— TASK REQUIREMENTS —
Which lines of the entries below hold the word "eapply"? Report each of them.

— WORKING DATA —
▼
(* For $k\ge4$ and $d\in[(2^{k-1}-2)k\log2,\;2^{k-1}k\log2]$ if $k\ge5$, resp. $d\in[16.7,\;32\log2]$ if $k=4$, the equation $\Psi_d(x)=x$ has a unique solution in $[\frac12-\frac1{2^k},\frac12]$.
   Context: $\hat\Psi(x)=\frac{1-2x^{k-1}}{1-x^{k-1}}$, $\dot\Psi(v)=\frac{1-v^{d-1}}{2-v^{d-1}}$, $\Psi_d=\dot\Psi\circ\hat\Psi$ ($d$ real). *)

From Stdlib Require Import Reals.
Open Scope R_scope.

Definition PsiHat (k : nat) (x : R) : R :=
  (1 - 2 * x ^ (k - 1)) / (1 - x ^ (k - 1)).

(* \dot\Psi(v) = (1 - v^{d-1}) / (2 - v^{d-1}), real exponent d-1
   (v^{d-1} := Rpower v (d-1) = exp((d-1) ln v), meaningful for v > 0). *)
Definition PsiDot (d : R) (v : R) : R :=
  (1 - Rpower v (d - 1)) / (2 - Rpower v (d - 1)).

Definition Psi (k : nat) (d : R) (x : R) : R := PsiDot d (PsiHat k x).

From Stdlib Require Import Reals Lra Lia Ranalysis5.
From Coquelicot Require Import Coquelicot.
Open Scope R_scope.

(* Write n = k - 1, e = 2^-n and ell m t = ln ((1 - 2 t^m) / (1 - t^m)), so that
   ln (PsiHat k t) = ell n t.  The map w |-> (1 - w) / (2 - w) is the decreasing
   inverse of t |-> (1 - 2t) / (1 - t) = exp (ell 1 t); hence Psi_d(x) - x has the
   sign of ell 1 x - (d - 1) ell n x, and Psi_d(1/2) < 1/2.  The lower bound on d
   gives (d - 1) ell n a <= ell 1 a at a = (1 - e)/2 (by Bernoulli's inequality for
   k >= 5, by an exact rational computation for k = 4), so a fixed point exists by
   the intermediate value theorem.  A fixed point x < 1/2 satisfies
   ell 1 x / ell n x = d - 1, and this ratio is strictly increasing on [a, 1/2)
   because its Wronskian ell 1' ell n - ell 1 ell n' is positive there; the key
   estimate is s ln ((1 + s) / 2s) <= e ln ((1 + e) / 2e) for s = 1 - 2t <= e. *)

Lemma ln_le_sub_1 x : 0 < x -> ln x <= x - 1.
Proof. intros Hx. pose proof (exp_ineq1_le (ln x)). rewrite exp_ln in H; lra. Qed.

Lemma ln2_le : ln 2 <= 7 / 10.
Proof.
rewrite <- (ln_exp (7 / 10)). apply ln_le; [lra|].
eapply Rle_trans; [|apply (exp_ge_taylor _ 3); lra].
simpl. lra.
Qed.

Lemma bernoulli_ineq a n : -1 <= a -> 1 + INR n * a <= (1 + a) ^ n.
Proof.
intros Ha. induction n as [|n IH]; [simpl; lra|].
rewrite S_INR, <- tech_pow_Rmult. pose proof (pos_INR n).
assert ((1 + a) * (1 + INR n * a) <= (1 + a) * (1 + a) ^ n)
  by (apply Rmult_le_compat_l; lra).
nra.
Qed.

Lemma le_geometric (f : nat -> R) (q c : R) (n0 : nat) :
  0 <= q -> (forall n, (n0 <= n)%nat -> f (S n) <= q * f n) ->
  f n0 <= c * q ^ n0 -> forall n, (n0 <= n)%nat -> f n <= c * q ^ n.
Proof.
intros Hq Hstep H0 n Hn. induction Hn as [|n Hn IH]; [exact H0|].
simpl. specialize (Hstep n Hn). nra.
Qed.

Lemma pow_ratio_le_IZR (p q r s : Z) (m j : nat) : (0 < q)%Z -> (0 < s)%Z ->
  (p ^ Z.of_nat m * s ^ Z.of_nat j <= r ^ Z.of_nat j * q ^ Z.of_nat m)%Z ->
  (IZR p / IZR q) ^ m <= (IZR r / IZR s) ^ j.
Proof.
intros Hq Hs H.
assert (Hqm : 0 < IZR q ^ m) by (apply pow_lt, IZR_lt; lia).
assert (Hsj : 0 < IZR s ^ j) by (apply pow_lt, IZR_lt; lia).
apply IZR_le in H. rewrite !mult_IZR, <- !pow_IZR in H.
unfold Rdiv. rewrite !Rpow_mult_distr, !pow_inv.
apply Rmult_le_reg_r with (IZR q ^ m * IZR s ^ j); [nra|].
replace (IZR p ^ m * / IZR q ^ m * (IZR q ^ m * IZR s ^ j))
  with (IZR p ^ m * IZR s ^ j) by (field; lra).
replace (IZR r ^ j * / IZR s ^ j * (IZR q ^ m * IZR s ^ j))
  with (IZR r ^ j * IZR q ^ m) by (field; lra).
exact H.
Qed.

Lemma pow_le_inv_pow2 n t : 0 <= t <= 1 / 2 -> t ^ n <= / 2 ^ n.
Proof. intros Ht. rewrite <- pow_inv. apply pow_incr. lra. Qed.

Lemma inv_pow2_le m n : (m <= n)%nat -> / 2 ^ n <= / 2 ^ m.
Proof.
intros Hmn. apply Rinv_le_contravar; [apply pow_lt; lra|].
apply Rle_pow; [lra | exact Hmn].
Qed.

Lemma two_pow_lt_1 n t : (2 <= n)%nat -> 0 <= t <= 1 / 2 -> 2 * t ^ n < 1.
Proof.
intros Hn Ht. pose proof (pow_le_inv_pow2 n t Ht).
pose proof (inv_pow2_le 2 n Hn). simpl in *. lra.
Qed.

Lemma le_mul_inv_pow2 x c n : x <= c * 2 ^ n -> x * / 2 ^ n <= c.
Proof.
intros H. assert (0 < 2 ^ n) by (apply pow_lt; lra).
apply Rmult_le_reg_r with (2 ^ n); [lra|].
rewrite Rmult_assoc, Rinv_l; lra.
Qed.

Lemma INR_mul_pred_le_pow2 n : (3 <= n)%nat -> INR n * (INR n - 1) <= 3 / 4 * 2 ^ n.
Proof.
apply (le_geometric (fun n => INR n * (INR n - 1))); [lra| |simpl; lra].
intros m Hm. rewrite S_INR. assert (3 <= INR m) by (apply le_INR in Hm; simpl in Hm; lra). nra.
Qed.

Lemma INR_succ_mul_le_pow2 n : (5 <= n)%nat -> (INR n + 1) * (INR n + 2) <= 21 / 16 * 2 ^ n.
Proof.
apply (le_geometric (fun n => (INR n + 1) * (INR n + 2))); [lra| |simpl; lra].
intros m Hm. rewrite S_INR. assert (5 <= INR m) by (apply le_INR in Hm; simpl in Hm; lra). nra.
Qed.

Lemma pow_one_sub_inv_pow2_half_ge n :
  / 2 ^ n * (1 - INR n * / 2 ^ n) <= ((1 - / 2 ^ n) / 2) ^ n.
Proof.
assert (He : 0 < / 2 ^ n) by (apply Rinv_0_lt_compat, pow_lt; lra).
pose proof (inv_pow2_le 0 n ltac:(lia)) as He1. simpl in He1.
unfold Rdiv. rewrite Rpow_mult_distr, pow_inv.
pose proof (bernoulli_ineq (- / 2 ^ n) n ltac:(lra)).
replace (1 - / 2 ^ n) with (1 + - / 2 ^ n) by ring.
rewrite (Rmult_comm (/ 2 ^ n)). apply Rmult_le_compat_r; lra.
Qed.

Lemma mul_ln_ratio_le s e : 0 < s <= e -> 1 <= ln ((1 + e) / (2 * e)) ->
  s * ln ((1 + s) / (2 * s)) <= e * ln ((1 + e) / (2 * e)).
Proof.
intros Hs HM. set (M := ln ((1 + e) / (2 * e))) in *.
assert (Hle : ln ((1 + s) / (2 * s)) <= M + ln (e / s)).
{ unfold M. rewrite <- ln_mult by (apply Rdiv_lt_0_compat; lra).
  apply ln_le; [apply Rdiv_lt_0_compat; lra|].
  apply Rmult_le_reg_r with (2 * s); [lra|].
  replace ((1 + e) / (2 * e) * (e / s) * (2 * s)) with (1 + e) by (field; lra).
  replace ((1 + s) / (2 * s) * (2 * s)) with (1 + s) by (field; lra). lra. }
assert (Hes : s * ln (e / s) <= e - s).
{ pose proof (ln_le_sub_1 (e / s) ltac:(apply Rdiv_lt_0_compat; lra)) as H.
  apply Rmult_le_compat_l with (r := s) in H; [|lra].
  replace (s * (e / s - 1)) with (e - s) in H by (field; lra). exact H. }
assert (s * ln ((1 + s) / (2 * s)) <= s * M + (e - s))
  by (apply Rmult_le_compat_l with (r := s) in Hle; lra).
nra.
Qed.

Lemma ln_ratio_pow2 n :
  ln ((1 + / 2 ^ n) / (2 * / 2 ^ n)) = ln (1 + / 2 ^ n) + (INR n - 1) * ln 2.
Proof.
assert (H2n : 0 < 2 ^ n) by (apply pow_lt; lra).
assert (0 < / 2 ^ n) by (apply Rinv_0_lt_compat; lra).
replace ((1 + / 2 ^ n) / (2 * / 2 ^ n)) with ((1 + / 2 ^ n) * (2 ^ n / 2)) by (field; lra).
rewrite ln_mult, ln_div, ln_pow by lra. ring.
Qed.

Lemma ln_ratio_pow2_bounds n : (3 <= n)%nat ->
  1 <= ln ((1 + / 2 ^ n) / (2 * / 2 ^ n)) <= / 2 ^ n + (INR n - 1) * ln 2.
Proof.
intros Hn. rewrite ln_ratio_pow2.
assert (He : 0 < / 2 ^ n) by (apply Rinv_0_lt_compat, pow_lt; lra).
pose proof (ln_le_sub_1 (1 + / 2 ^ n) ltac:(lra)).
assert (0 <= ln (1 + / 2 ^ n)) by (rewrite <- ln_1; apply ln_le; lra).
assert (3 <= INR n) by (apply le_INR in Hn; simpl in Hn; lra).
pose proof ln_lt_2. nra.
Qed.

Lemma mul_ln_ratio_le_pow2 n s : (3 <= n)%nat -> 0 < s <= / 2 ^ n ->
  s * ln ((1 + s) / (2 * s)) <= / 2 ^ n * (/ 2 ^ n + (INR n - 1) * ln 2).
Proof.
intros Hn Hs. pose proof (ln_ratio_pow2_bounds n Hn) as [HM1 HM2].
apply Rle_trans with (1 := mul_ln_ratio_le s (/ 2 ^ n) Hs HM1).
apply Rmult_le_compat_l; lra.
Qed.

Definition ell (m : nat) (t : R) : R := ln ((1 - 2 * t ^ m) / (1 - t ^ m)).

Definition dell (m : nat) (t : R) : R :=
  - (INR m * t ^ pred m) / ((1 - 2 * t ^ m) * (1 - t ^ m)).

Lemma ell_1 x : ell 1 x = ln ((1 - 2 * x) / (1 - x)).
Proof. unfold ell. now rewrite pow_1. Qed.

Lemma ell_le m t : 0 < t ^ m -> 2 * t ^ m < 1 -> ell m t <= - (t ^ m / (1 - t ^ m)).
Proof.
intros Hu Hu2. unfold ell.
eapply Rle_trans; [apply ln_le_sub_1, Rdiv_lt_0_compat; lra|].
apply Req_le. field. lra.
Qed.

Lemma ell_neg m t : 0 < t ^ m -> 2 * t ^ m < 1 -> ell m t < 0.
Proof.
intros Hu Hu2. pose proof (ell_le m t Hu Hu2).
assert (0 < t ^ m / (1 - t ^ m)) by (apply Rdiv_lt_0_compat; lra). lra.
Qed.

Lemma ell_1_neg_ln t : t < 1 / 2 -> ell 1 t = - ln ((1 + (1 - 2 * t)) / (2 * (1 - 2 * t))).
Proof.
intros Ht. rewrite ell_1, <- ln_Rinv by (apply Rdiv_lt_0_compat; lra).
f_equal. field. lra.
Qed.

Lemma is_derive_ell m t : 0 < t -> 2 * t ^ m < 1 -> is_derive (ell m) t (dell m t).
Proof.
intros Ht Hu2. assert (Hu : 0 < t ^ m) by (apply pow_lt; lra).
unfold ell, dell. auto_derive.
- repeat split; try lra. apply Rdiv_lt_0_compat; lra.
- field. lra.
Qed.

Lemma exp_mul_ell_lt_1 n d x : 1 < d -> 0 < x -> 2 * x ^ n < 1 ->
  exp ((d - 1) * ell n x) < 1.
Proof.
intros Hd Hx Hu2. assert (Hu : 0 < x ^ n) by (apply pow_lt; lra).
pose proof (ell_neg n x Hu Hu2).
assert (0 < (d - 1) * - ell n x) by (apply Rmult_lt_0_compat; lra).
rewrite <- exp_0 at 2. apply exp_increasing. lra.
Qed.

Lemma PsiHat_S n x : PsiHat (S n) x = (1 - 2 * x ^ n) / (1 - x ^ n).
Proof. unfold PsiHat. now rewrite Nat.sub_succ, Nat.sub_0_r. Qed.

Lemma Psi_sub_id n d x : 1 < d -> 0 < x < 1 -> 2 * x ^ n < 1 ->
  Psi (S n) d x - x =
  (1 - x) * ((1 - 2 * x) / (1 - x) - exp ((d - 1) * ell n x))
  / (2 - exp ((d - 1) * ell n x)).
Proof.
intros Hd Hx Hu2. pose proof (exp_mul_ell_lt_1 n d x Hd ltac:(lra) Hu2).
unfold Psi, PsiDot, Rpower. rewrite PsiHat_S. fold (ell n x).
field. lra.
Qed.

Lemma Psi_half_lt_half n d : (2 <= n)%nat -> 1 < d -> Psi (S n) d (1 / 2) < 1 / 2.
Proof.
intros Hn Hd.
assert (Hu2 := two_pow_lt_1 n (1 / 2) Hn ltac:(lra)).
pose proof (exp_pos ((d - 1) * ell n (1 / 2))).
pose proof (exp_mul_ell_lt_1 n d (1 / 2) Hd ltac:(lra) Hu2).
pose proof (Psi_sub_id n d (1 / 2) Hd ltac:(lra) Hu2) as E.
replace ((1 - 2 * (1 / 2)) / (1 - 1 / 2)) with 0 in E by field.
assert (0 < (1 - 1 / 2) * exp ((d - 1) * ell n (1 / 2))
            / (2 - exp ((d - 1) * ell n (1 / 2))))
  by (apply Rdiv_lt_0_compat; nra).
lra.
Qed.

Lemma ell_eq_of_Psi_fixed n d x : 1 < d -> 0 < x < 1 / 2 -> 2 * x ^ n < 1 ->
  Psi (S n) d x = x -> ell 1 x = (d - 1) * ell n x.
Proof.
intros Hd Hx Hu2 Hfix.
pose proof (exp_mul_ell_lt_1 n d x Hd ltac:(lra) Hu2).
assert (Hw : exp ((d - 1) * ell n x) = (1 - 2 * x) / (1 - x)).
{ assert (E := Psi_sub_id n d x Hd ltac:(lra) Hu2).
  rewrite Hfix, Rminus_diag in E.
  assert (((1 - 2 * x) / (1 - x) - exp ((d - 1) * ell n x))
          = 0 * (2 - exp ((d - 1) * ell n x)) / (1 - x)) as E'
    by (rewrite E; field; lra).
  lra. }
rewrite ell_1, <- Hw. apply ln_exp.
Qed.

Lemma le_Psi n d x : 1 < d -> 0 < x < 1 / 2 -> 2 * x ^ n < 1 ->
  (d - 1) * ell n x <= ell 1 x -> x <= Psi (S n) d x.
Proof.
intros Hd Hx Hu2 Hle.
pose proof (exp_mul_ell_lt_1 n d x Hd ltac:(lra) Hu2).
assert (Hw : exp ((d - 1) * ell n x) <= (1 - 2 * x) / (1 - x)).
{ rewrite <- (exp_ln ((1 - 2 * x) / (1 - x))) by (apply Rdiv_lt_0_compat; lra).
  rewrite <- ell_1. destruct Hle as [Hlt | ->]; [left; apply exp_increasing, Hlt | lra]. }
assert (0 <= (1 - x) * ((1 - 2 * x) / (1 - x) - exp ((d - 1) * ell n x))
             / (2 - exp ((d - 1) * ell n x))).
{ apply Rmult_le_pos; [apply Rmult_le_pos; lra|].
  left. apply Rinv_0_lt_compat. lra. }
rewrite <- (Psi_sub_id n d x Hd ltac:(lra) Hu2) in H0. lra.
Qed.

Lemma Psi_continuity_pt n d t : 1 < d -> 0 < t < 1 -> 2 * t ^ n < 1 ->
  continuity_pt (Psi (S n) d) t.
Proof.
intros Hd Ht Hu2. assert (Hu : 0 < t ^ n) by (apply pow_lt; lra).
pose proof (exp_mul_ell_lt_1 n d t Hd ltac:(lra) Hu2) as Hw. unfold ell in Hw.
apply derivable_continuous_pt, ex_derive_Reals_0.
unfold Psi, PsiDot, PsiHat, Rpower. rewrite Nat.sub_succ, Nat.sub_0_r.
unfold Rminus, Rdiv in *.
assert (0 < (1 + - (2 * t ^ n)) * / (1 + - t ^ n))
  by (apply Rmult_lt_0_compat; [lra | apply Rinv_0_lt_compat; lra]).
auto_derive. repeat split; lra.
Qed.

Lemma Psi_fixed_point_exists n d a : (2 <= n)%nat -> 1 < d -> 0 < a < 1 / 2 ->
  (d - 1) * ell n a <= ell 1 a -> exists x, a <= x <= 1 / 2 /\ Psi (S n) d x = x.
Proof.
intros Hn Hd Ha Hle.
set (F t := t - Psi (S n) d t).
assert (Fa : F a <= 0)
  by (unfold F; pose proof (le_Psi n d a Hd Ha (two_pow_lt_1 n a Hn ltac:(lra)) Hle); lra).
assert (Fhalf : 0 < F (1 / 2)) by (unfold F; pose proof (Psi_half_lt_half n d Hn Hd); lra).
destruct Fa as [Fa | Fa].
- assert (Fcont : forall t, a <= t <= 1 / 2 -> continuity_pt F t).
  { intros t Ht. apply continuity_pt_minus; [apply continuity_pt_id|].
    apply Psi_continuity_pt; [exact Hd | lra | apply two_pow_lt_1; [exact Hn | lra]]. }
  destruct (IVT_interv F a (1 / 2) Fcont ltac:(lra) Fa Fhalf) as [x [Hx Fx]].
  exists x. split; [exact Hx|]. unfold F in Fx. lra.
- exists a. split; [lra|]. unfold F in Fa. lra.
Qed.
▲
— WRITTEN SOLUTION —
eapply Rle_trans; [|apply (exp_ge_taylor _ 3); lra].
eapply Rle_trans; [apply ln_le_sub_1, Rdiv_lt_0_compat; lra|].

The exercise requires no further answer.